UI Widgets [version 2.0]

Kyra provides a set of simple, but extensible UI widgets. These include:

  • Toggle and Push Buttons
  • Console window
  • List box
  • Editable text widget

The widget system supports:

  • Color and Font scheme
  • Mouse selection and focus
  • Keyboard selection and editing
  • Accelerator keys ("hot keys")

The Widgets are fully integrated in to Kyra and are created much like you would create a Sprite or Canvas and put it in the Tree(). "guitest.cpp" in the 'guitest' subdirectory illustrates and documents an example of how the widgets are used. The methods for widgets are covered in the API docs. "guitest.cpp" is the best place to start.

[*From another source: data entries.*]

(* For a multi-unit auction with $2$ bidders and $2$ identical items, where bidders have valuations with decreasing marginal values, no deterministic obviously strategy-proof mechanism that satisfies individual rationality and no negative transfers gives an approximation better than $2$; i.e., for every such mechanism there is a valuation profile $v$ with $\mathrm{OPT}(v)\ge 2\cdot W(v)$, or the ratio $\mathrm{OPT}(v)/W(v)$ has supremum at least $2$.
   Context: Bidder $i$'s valuation is $v_i:\{0,1,2\}\to\mathbb{R}_{\ge0}$ with $v_i(0)=0$ and decreasing marginals: $v_i(1)-v_i(0)\ge v_i(2)-v_i(1)$. The domain $V_i$ is all such valuations; valuations are private, utilities quasi-linear. A deterministic mechanism is a rooted tree: each internal node is assigned to one bidder, who sends one of the messages labeling the outgoing edges; each leaf is labeled with a feasible allocation and a payment per bidder. A behavior $B_i$ specifies a message at every node of bidder $i$; a profile $B$ determines a path $\mathrm{Path}(B)$ with allocation $f_i(B)$ and payment $p_i(B)$. A strategy $\mathcal S_i$ maps each $v_i\in V_i$ to a behavior; it is obviously dominant if for every $v_i\in V_i$, every node $u$ of $i$, every $B_{-i}$ and every profile $B'$ with $u\in\mathrm{Path}(\mathcal S_i(v_i),B_{-i})\cap\mathrm{Path}(B')$ and $B'_i$ sending at $u$ a message different from $\mathcal S_i(v_i)$'s, $v_i(f_i(\mathcal S_i(v_i),B_{-i}))-p_i(\mathcal S_i(v_i),B_{-i})\ge v_i(f_i(B'))-p_i(B')$. The mechanism is OSP if all strategies are obviously dominant; individually rational if for every profile in $V_1\times V_2$ following the strategies gives each bidder utility $\ge0$; satisfies no negative transfers if all payments at all leaves are $\ge0$. $W(v)$ is the welfare of the allocation reached on profile $v$ when bidders follow their strategies, $\mathrm{OPT}(v)$ the optimal welfare; approximation better than $2$ means $\sup_v\mathrm{OPT}(v)/W(v)<2$. *)

From Stdlib Require Import Reals List Bool.
Open Scope R_scope.

Definition bidder := bool.

(** A valuation v : {0,1,2} -> R is represented by the pair (v 1, v 2);
    v 0 = 0 is built in. *)
Definition valuation := (R * R)%type.

Definition val (v : valuation) (k : nat) : R :=
  match k with
  | O => 0
  | S O => fst v
  | _ => snd v
  end.

Definition in_domain (v : valuation) : Prop :=
  0 <= val v 1 /\ 0 <= val v 2 /\ val v 1 - val v 0 >= val v 2 - val v 1.

(** A deterministic mechanism: a rooted tree. *)
Inductive mech (M : Type) : Type :=
| Leaf : (bidder -> nat) -> (bidder -> R) -> mech M
| Node : bidder -> (M -> mech M) -> mech M.
Arguments Leaf {M} _ _.
Arguments Node {M} _ _.

(** Nodes are identified by their history (sequence of messages from the
    root).  A behavior gives a message at every node (history). *)
Definition behavior (M : Type) := list M -> M.
Definition profile (M : Type) := bidder -> behavior M.

Fixpoint run_from {M : Type} (t : mech M) (h : list M) (B : profile M)
  : (bidder -> nat) * (bidder -> R) :=
  match t with
  | Leaf a p => (a, p)
  | Node i ch => run_from (ch (B i h)) (h ++ (B i h :: nil)) B
  end.

Definition outcome {M : Type} (t : mech M) (B : profile M) := run_from t nil B.
Definition alloc {M : Type} (t : mech M) (B : profile M) (i : bidder) : nat :=
  fst (outcome t B) i.
Definition pay {M : Type} (t : mech M) (B : profile M) (i : bidder) : R :=
  snd (outcome t B) i.

Fixpoint path_from {M : Type} (t : mech M) (h : list M) (B : profile M)
  : list (list M * bidder) :=
  match t with
  | Leaf _ _ => nil
  | Node i ch => (h, i) :: path_from (ch (B i h)) (h ++ (B i h :: nil)) B
  end.

Definition on_path {M : Type} (t : mech M) (B : profile M) (h : list M) (i : bidder) : Prop :=
  In (h, i) (path_from t nil B).

Definition override {M : Type} (B : profile M) (i : bidder) (b : behavior M) : profile M :=
  fun j => if Bool.eqb j i then b else B j.

Definition utility {M : Type} (v : valuation) (t : mech M) (B : profile M) (i : bidder) : R :=
  val v (alloc t B i) - pay t B i.

Definition strategy (M : Type) := valuation -> behavior M.

Definition obviously_dominant {M : Type} (t : mech M) (i : bidder) (Si : strategy M) : Prop :=
  forall vi : valuation, in_domain vi ->
  forall (h : list M) (Bmi B' : profile M),
    on_path t (override Bmi i (Si vi)) h i ->
    on_path t B' h i ->
    B' i h <> Si vi h ->
    utility vi t (override Bmi i (Si vi)) i >= utility vi t B' i.

Definition OSP {M : Type} (t : mech M) (S : bidder -> strategy M) : Prop :=
  forall i, obviously_dominant t i (S i).

Definition follow {M : Type} (S : bidder -> strategy M) (v : bidder -> valuation) : profile M :=
  fun j => S j (v j).

Fixpoint all_leaves {M : Type} (P : (bidder -> nat) -> (bidder -> R) -> Prop) (t : mech M) : Prop :=
  match t with
  | Leaf a p => P a p
  | Node _ ch => forall m, all_leaves P (ch m)
  end.

Definition feasible_mech {M : Type} (t : mech M) : Prop :=
  all_leaves (fun a _ => (a true + a false <= 2)%nat) t.

Definition individually_rational {M : Type} (t : mech M) (S : bidder -> strategy M) : Prop :=
  forall v : bidder -> valuation, (forall j, in_domain (v j)) ->
  forall i, utility (v i) t (follow S v) i >= 0.

Definition no_negative_transfers {M : Type} (t : mech M) : Prop :=
  all_leaves (fun _ p => forall i, 0 <= p i) t.

Definition welfare {M : Type} (t : mech M) (S : bidder -> strategy M) (v : bidder -> valuation) : R :=
  val (v true) (alloc t (follow S v) true) + val (v false) (alloc t (follow S v) false).

Definition OPT (v : bidder -> valuation) : R :=
  fold_right Rmax 0
    (map (fun k => val (v true) (fst k) + val (v false) (snd k))
       ((0,0) :: (1,0) :: (0,1) :: (2,0) :: (1,1) :: (0,2) :: nil)%nat).

(* Fix a ratio c < 2.  At a node reached by every profile of valuations with
   positive first-unit values, the owner's message cannot depend on her
   (positive) valuation.  Otherwise some type u and a unit-demand type of value
   X > 2 u(1) send different messages there.  Against a large additive
   opponent the approximation forces the unit-demand bidder to get nothing, so
   her utility is at most 0 (no negative transfers); against a tiny unit-demand
   opponent the type u must be served, and by individual rationality pays at
   most its value u(k) <= 2 u(1) < X, so mimicking u would give the unit-demand bidder
   positive utility, contradicting obvious dominance.  Hence all these
   profiles follow the same path to the same leaf, and one fixed allocation
   cannot c-approximate both (additive 1, tiny) and its mirror image. *)
From Stdlib Require Import Reals Lra Lia List Classical FunctionalExtensionality.
Open Scope R_scope.

Definition unit_demand (X : R) : valuation := (X, X).
Definition additive (K : R) : valuation := (K, 2 * K).

Definition pos_valuation (v : valuation) : Prop := in_domain v /\ 0 < val v 1.
Definition pos_profile (v : bidder -> valuation) : Prop := forall j, pos_valuation (v j).

Definition vprofile (i : bidder) (x y : valuation) : bidder -> valuation :=
  fun j => if Bool.eqb j i then x else y.

Definition approximates {M : Type} (t : mech M) (S : bidder -> strategy M) (c : R) :=
  forall v : bidder -> valuation, (forall j, in_domain (v j)) -> OPT v <= c * welfare t S v.

Definition on_every_pos_path {M : Type} (t : mech M) (S : bidder -> strategy M)
    (h : list M) (i : bidder) : Prop :=
  forall v, pos_profile v -> on_path t (follow S v) h i.

Definition agree_on_common_path {M : Type} (s : mech M) (h : list M)
    (P : profile M -> Prop) : Prop :=
  forall h' i, (forall B, P B -> In (h', i) (path_from s h B)) ->
  forall B B', P B -> P B' -> B i h' = B' i h'.

Lemma val_nonneg v k : in_domain v -> 0 <= val v k.
Proof. intros [H1 [H2 H3]]; destruct k as [|[|k]]; simpl in *; lra. Qed.

Lemma val_le_twice_val1 v k : in_domain v -> val v k <= 2 * val v 1.
Proof. intros [H1 [H2 H3]]; destruct k as [|[|k]]; simpl in *; lra. Qed.

Lemma unit_demand_pos X : 0 < X -> pos_valuation (unit_demand X).
Proof. intros; unfold pos_valuation, in_domain; simpl; lra. Qed.

Lemma additive_pos K : 0 < K -> pos_valuation (additive K).
Proof. intros; unfold pos_valuation, in_domain; simpl; lra. Qed.

Lemma val_unit_demand_le X k : 0 <= X -> val (unit_demand X) k <= X.
Proof. intros; destruct k as [|[|k]]; simpl; lra. Qed.

Lemma val_additive_sum K a b : 0 <= K -> (a + b <= 2)%nat ->
  val (additive K) a + val (additive K) b <= 2 * K.
Proof.
  intros HK Hab.
  destruct a as [|[|[|a]]], b as [|[|[|b]]]; simpl; lia || lra.
Qed.

Lemma vprofile_self i x y : vprofile i x y i = x.
Proof. unfold vprofile; now rewrite Bool.eqb_reflx. Qed.

Lemma vprofile_in_domain i x y :
  in_domain x -> in_domain y -> forall j, in_domain (vprofile i x y j).
Proof. intros Hx Hy j; unfold vprofile; now destruct (Bool.eqb j i). Qed.

Lemma vprofile_pos i x y :
  pos_valuation x -> pos_valuation y -> pos_profile (vprofile i x y).
Proof. intros Hx Hy j; unfold vprofile; now destruct (Bool.eqb j i). Qed.

Lemma pos_profile_in_domain v : pos_profile v -> forall j, in_domain (v j).
Proof. intros Hv j; apply Hv. Qed.

Lemma fold_right_Rmax_ge l x : In x l -> x <= fold_right Rmax 0 l.
Proof.
  induction l as [|y l IH]; simpl; intros Hx; [contradiction|].
  destruct Hx as [<- | Hx]; [apply Rmax_l|].
  eapply Rle_trans; [apply IH, Hx | apply Rmax_r].
Qed.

Widgets are build around a publish/listener model. A widget publishes events (ACTIVATION, SELECTION, etc.) to whichever classes have registered themselves as listener by calling the HandleEvent method of the listening class. This decouples the widgets from the code that processes UI events. You can have one master class handle events from all widgets, or split it up to any degree you see fit.

Widgets generally are designed to be easy. You can create and transform them like all Kyra objects. You only need to remember to send mouse and keyboard events to the KrEventManager class in order to get them to work.